La historia de Piero Ferrari parecería salida de una novela: Era el hijo ilegítimo de Enzo Ferrari, producto de su largo amorío con Lina Lardi y fue reconocido por él hasta la muerte de Laura, la esposa de Enzo, en 1978.

 Antes de reconocer a Piero, Enzo Ferrari estaba preparando a Dino, su hijo mayor, para que lo sucediera al frente de la compañía, pero murió a los 24 años a causa de distrofia muscular, por lo que se tuvo que apoyar en su segundo vástago para lograr sus objetivos.

En su juventud, Piero quería convertirse en piloto de carreras como su legendario padre, sin embargo, fue el mismo Enzo quien le prohibió dedicarse a tan peligrosa profesión, al grado que instruyó a sus empleados que no le permitieran sentarse en los monoplazas, para que no cayera en la tentación de convertirse en corredor de autos.

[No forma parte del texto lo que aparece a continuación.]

(* Let $|\!|\!|\cdot|\!|\!|\in \mathbf{N}_{X^n}$ and $x:=(x_1,\ldots,x_n)\in X^n$. Then (i) $\max\{|\!|\!|(0_X,x_2,\ldots,x_n)|\!|\!|,\ldots,|\!|\!|(x_1,\ldots,x_{n-1},0_X)|\!|\!|\}\le |\!|\!|x|\!|\!|$; (ii) $|\!|\!|(x_1,0_X,\ldots,0_X)|\!|\!|\le |\!|\!|(x_1,x_2,0_X,\ldots,0_X)|\!|\!|\le\ldots\le|\!|\!|(x_1,\ldots,x_{n-1},0_X)|\!|\!|\le|\!|\!|x|\!|\!|$; (iii) $|\!|\!|x|\!|\!|_{\infty}\le |\!|\!|x|\!|\!|\le|\!|\!|x|\!|\!|_1 \le n\cdot |\!|\!|x|\!|\!|_\infty$, where $|\!|\!|x|\!|\!|_1:=\|x_1\|+\ldots+\|x_n\|$ and $|\!|\!|x|\!|\!|_\infty:=\max\{\|x_1\|,\ldots,\|x_n\|\}$.
   Context: Let $(X,\|\cdot\|)$ be a normed vector space and $n\ge 2$. $\mathbf{N}_{X^n}$ denotes the family of all norms $|\!|\!|\cdot|\!|\!|$ on $X^n$ satisfying (A1) sign-symmetry: $|\!|\!|(x_1,\ldots,x_n)|\!|\!|=|\!|\!|(\pm x_1,\ldots,\pm x_n)|\!|\!|$ for all $(x_1,\ldots,x_n)\in X^n$ and all choices of signs; and (A2) compatibility: $|\!|\!|(0_X,\ldots,0_X,v,0_X,\ldots,0_X)|\!|\!|=\|v\|$ for all $v\in X$, with $v$ in the $i$th position, for each $i=1,\ldots,n$. *)

From HB Require Import structures.
From mathcomp Require Import all_boot all_order all_algebra.
From mathcomp Require Import all_classical all_reals all_analysis.
Set Implicit Arguments. Unset Strict Implicit. Unset Printing Implicit Defensive.
Import Order.TTheory GRing.Theory Num.Theory.
Local Open Scope ring_scope.

Definition is_norm_prod (R : realType) (X : normedModType R) (n : nat)
  (N : ('I_n -> X) -> R) : Prop :=
  [/\ (forall x : 'I_n -> X, N x = 0 -> forall i, x i = 0),
      (forall (a : R) (x : 'I_n -> X), N (fun i => a *: x i) = `|a| * N x) &
      (forall x y : 'I_n -> X, N (fun i => x i + y i) <= N x + N y)].

Definition sign_symmetric (R : realType) (X : normedModType R) (n : nat)
  (N : ('I_n -> X) -> R) : Prop :=
  forall (x : 'I_n -> X) (s : 'I_n -> bool),
    N (fun i => if s i then - x i else x i) = N x.

Definition compatible (R : realType) (X : normedModType R) (n : nat)
  (N : ('I_n -> X) -> R) : Prop :=
  forall (i : 'I_n) (v : X), N (fun j => if j == i then v else 0) = `|v|.

Definition in_NXn (R : realType) (X : normedModType R) (n : nat)
  (N : ('I_n -> X) -> R) : Prop :=
  [/\ is_norm_prod N, sign_symmetric N & compatible N].

Definition zero_at (X : zmodType) (n : nat) (i : 'I_n) (x : 'I_n -> X) : 'I_n -> X :=
  fun j => if j == i then 0 else x j.

Definition trunc (X : zmodType) (n k : nat) (x : 'I_n -> X) : 'I_n -> X :=
  fun j => if (j < k)%N then x j else 0.

Definition norm1 (R : realType) (X : normedModType R) (n : nat) (x : 'I_n -> X) : R :=
  \sum_(i < n) `|x i|.

Definition norminf (R : realType) (X : normedModType R) (n : nat) (x : 'I_n -> X) : R :=
  \big[Num.max/0]_(i < n) `|x i|.

(** Restricting [x] to a set of coordinates is the average of [x] and its sign
    flip off that set, so by sign symmetry and the triangle inequality it does
    not increase the norm.  Deleting a coordinate, truncating, and isolating
    one coordinate (whose norm is [`|x i|] by compatibility) are restrictions;
    the [1]-norm bound is the triangle inequality for the decomposition of [x]
    into its coordinates. *)
From HB Require Import structures.
From mathcomp Require Import all_boot all_order all_algebra.
From mathcomp Require Import all_classical all_reals all_analysis.
Set Implicit Arguments. Unset Strict Implicit. Unset Printing Implicit Defensive.
Import Order.TTheory GRing.Theory Num.Theory.
Local Open Scope ring_scope.

Definition restrict (X : zmodType) (n : nat) (m : pred 'I_n) (x : 'I_n -> X) :
  'I_n -> X := fun j => if m j then x j else 0.

Definition single (X : zmodType) (n : nat) (i : 'I_n) (v : X) : 'I_n -> X :=
  fun j => if j == i then v else 0.

Section Restrict.
Variables (X : zmodType) (n : nat).
Implicit Types (x : 'I_n -> X) (m : pred 'I_n).

Lemma zero_atE (i : 'I_n) x : zero_at i x = restrict (predC1 i) x.
Proof. by apply: funext => j; rewrite /zero_at /restrict /=; case: (j == i). Qed.

Lemma truncE k x : trunc k x = restrict (fun j => (j < k)%N) x.
Proof. by []. Qed.

Lemma trunc_succ k x (lt_kn : (k < n)%N) :
  trunc k x = restrict (predC1 (Ordinal lt_kn)) (trunc k.+1 x).
Proof.
apply: funext => j; rewrite /trunc /restrict /= -val_eqE /= ltnS.
by case: ltngtP => // ->; rewrite ltnn.
Qed.

Lemma single_restrict (i : 'I_n) x : single i (x i) = restrict (pred1 i) x.
Proof. by apply: funext => j; rewrite /single /restrict /=; case: eqP => // ->. Qed.

Lemma sum_single x : x = (fun j => \sum_(i < n) single i (x i) j).
Proof.
apply: funext => j; rewrite (bigD1 j) //= /single eqxx big1 ?addr0 //.
by move=> i /negbTE; rewrite eq_sym => ->.
Qed.

End Restrict.

Section NormProd.
Variables (R : realType) (X : normedModType R) (n : nat).
Variable N : ('I_n -> X) -> R.
Hypothesis normN : is_norm_prod N.
Implicit Types (x : 'I_n -> X) (m : pred 'I_n).

Let normZ a x : N (fun i => a *: x i) = `|a| * N x.
Proof. by case: normN. Qed.

Let normD x y : N (fun i => x i + y i) <= N x + N y.
Proof. by case: normN. Qed.

Lemma norm_prod0 : N (fun _ => 0) = 0.
Proof.
have := normZ 0 (fun _ => 0); rewrite normr0 mul0r => <-.
by congr N; apply: funext => i; rewrite scaler0.
Qed.

Lemma norm_prod_ge0 x : 0 <= N x.
Proof.
have := normD x (fun i => -1 *: x i).
rewrite normZ normrN normr1 mul1r.
have -> : (fun i => x i + -1 *: x i) = (fun _ => 0).
  by apply: funext => i; rewrite scaleN1r subrr.
by rewrite norm_prod0 -mulr2n pmulrn_lge0.
Qed.

Lemma norm_prod_sum (I : Type) (r : seq I) (f : I -> 'I_n -> X) :
  N (fun j => \sum_(i <- r) f i j) <= \sum_(i <- r) N (f i).
Proof.
elim: r => [|a r IH].
  have -> : (fun j => \sum_(i <- [::]) f i j) = (fun _ => 0).
    by apply: funext => j; rewrite big_nil.
  by rewrite norm_prod0 big_nil.
rewrite big_cons.
have -> : (fun j => \sum_(i <- a :: r) f i j) =
          (fun j => f a j + (fun j => \sum_(i <- r) f i j) j).
  by apply: funext => j; rewrite big_cons.
by apply: le_trans (normD _ _) _; rewrite lerD2l.
Qed.

Hypothesis symN : sign_symmetric N.

Lemma restrict_le m x : N (restrict m x) <= N x.
Proof.
set y := fun j => if ~~ m j then - x j else x j.
have -> : restrict m x = (fun j => 2^-1 *: (x j + y j)).
  apply: funext => j; rewrite /restrict /y; case: (m j) => /=.
    by rewrite -mulr2n -[x j *+ 2]scaler_nat scalerA mulVf ?scale1r ?pnatr_eq0.
  by rewrite subrr scaler0.
rewrite normZ ger0_norm ?invr_ge0 ?ler0n // ler_pdivrMl ?ltr0n // mulr_natl mulr2n.
by rewrite -{2}(symN x (fun j => ~~ m j)) normD.
Qed.

Lemma zero_at_le (i : 'I_n) x : N (zero_at i x) <= N x.
Proof. by rewrite zero_atE restrict_le. Qed.

Lemma trunc_le k x : N (trunc k x) <= N x.
Proof. by rewrite truncE restrict_le. Qed.

Lemma trunc_le_succ k x : (k < n)%N -> N (trunc k x) <= N (trunc k.+1 x).
Proof. by move=> lt_kn; rewrite (trunc_succ _ lt_kn) restrict_le. Qed.

Hypothesis compN : compatible N.

Lemma norm_coord_le (i : 'I_n) x : `|x i| <= N x.
Proof. by rewrite -(compN i) -/(single i (x i)) single_restrict restrict_le. Qed.

Lemma norminf_le x : norminf x <= N x.
Proof.
by apply: bigmax_le => [|i _]; [exact: norm_prod_ge0 | exact: norm_coord_le].
Qed.

Lemma norm_prod_le_norm1 x : N x <= norm1 x.
Proof.
rewrite {1}(sum_single x); apply: le_trans (norm_prod_sum _ _) _.
by apply: ler_sum => i _; rewrite compN.
Qed.

End NormProd.

Lemma norm1_le_norminf (R : realType) (X : normedModType R) (n : nat)
    (x : 'I_n -> X) :
  norm1 x <= n%:R * norminf x.
Proof.
rewrite mulr_natl -[n in _ *+ n]card_ord -sumr_const.
by apply: ler_sum => i _; exact: (le_bigmax 0 (fun i : 'I_n => `|x i|) i).
Qed.

Theorem proposition2p3 (R : realType) (X : normedModType R) (n : nat)
  (hn : (2 <= n)%N) (N : ('I_n -> X) -> R) (hN : in_NXn N) (x : 'I_n -> X) :
  [/\ (* (i) *) \big[Num.max/0]_(i < n) N (zero_at i x) <= N x,
      (* (ii) *) (forall k : nat, (0 < k)%N -> (k < n)%N ->
                   N (trunc k x) <= N (trunc k.+1 x)) /\ N (trunc n.-1 x) <= N x &
      (* (iii) *) [/\ norminf x <= N x, N x <= norm1 x & norm1 x <= n%:R * norminf x]].
Proof.
case: hN => normN symN compN.
split.
- apply: bigmax_le => [|i _]; first exact: norm_prod_ge0.
  exact: zero_at_le.
- by split=> [k _|]; [exact: trunc_le_succ | exact: trunc_le].
- split; [exact: norminf_le | exact: norm_prod_le_norm1 | exact: norm1_le_norminf].
Qed.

En 1970, Piero Lardi Ferrari empezó a trabajar en la fábrica de Ferrari donde se desempeñó supervisando la producción de los modelos de carreras y más adelante, participando en la organización de las mismas.

A partir de 1988 y tras la muerte de Enzo Ferrari, Piero se convirtió en vicepresidente y dueño del 10% de Ferrari, además de ser el presidente de la marca aeronáutica Piaggio Aero Industries y a diferencia de otros dueños de empresas de alto perfil, Piero Ferrari se mantiene alejado de los reflectores, aunque es un activo participante en el negocio familiar.

Entusiasta de las carreras, Piero Ferrari no deja de visitar los pits de la escudería cuando están en competencia y actualmente cumple una función más institucional como el rostro de Ferrari.

A sus setenta años y gracias a la gran fortuna que recibirá gracias a la salida a la bolsa de Ferrari, estamos seguros de que Piero podrá dedicarle tiempo a su otra pasión: los yates de lujo.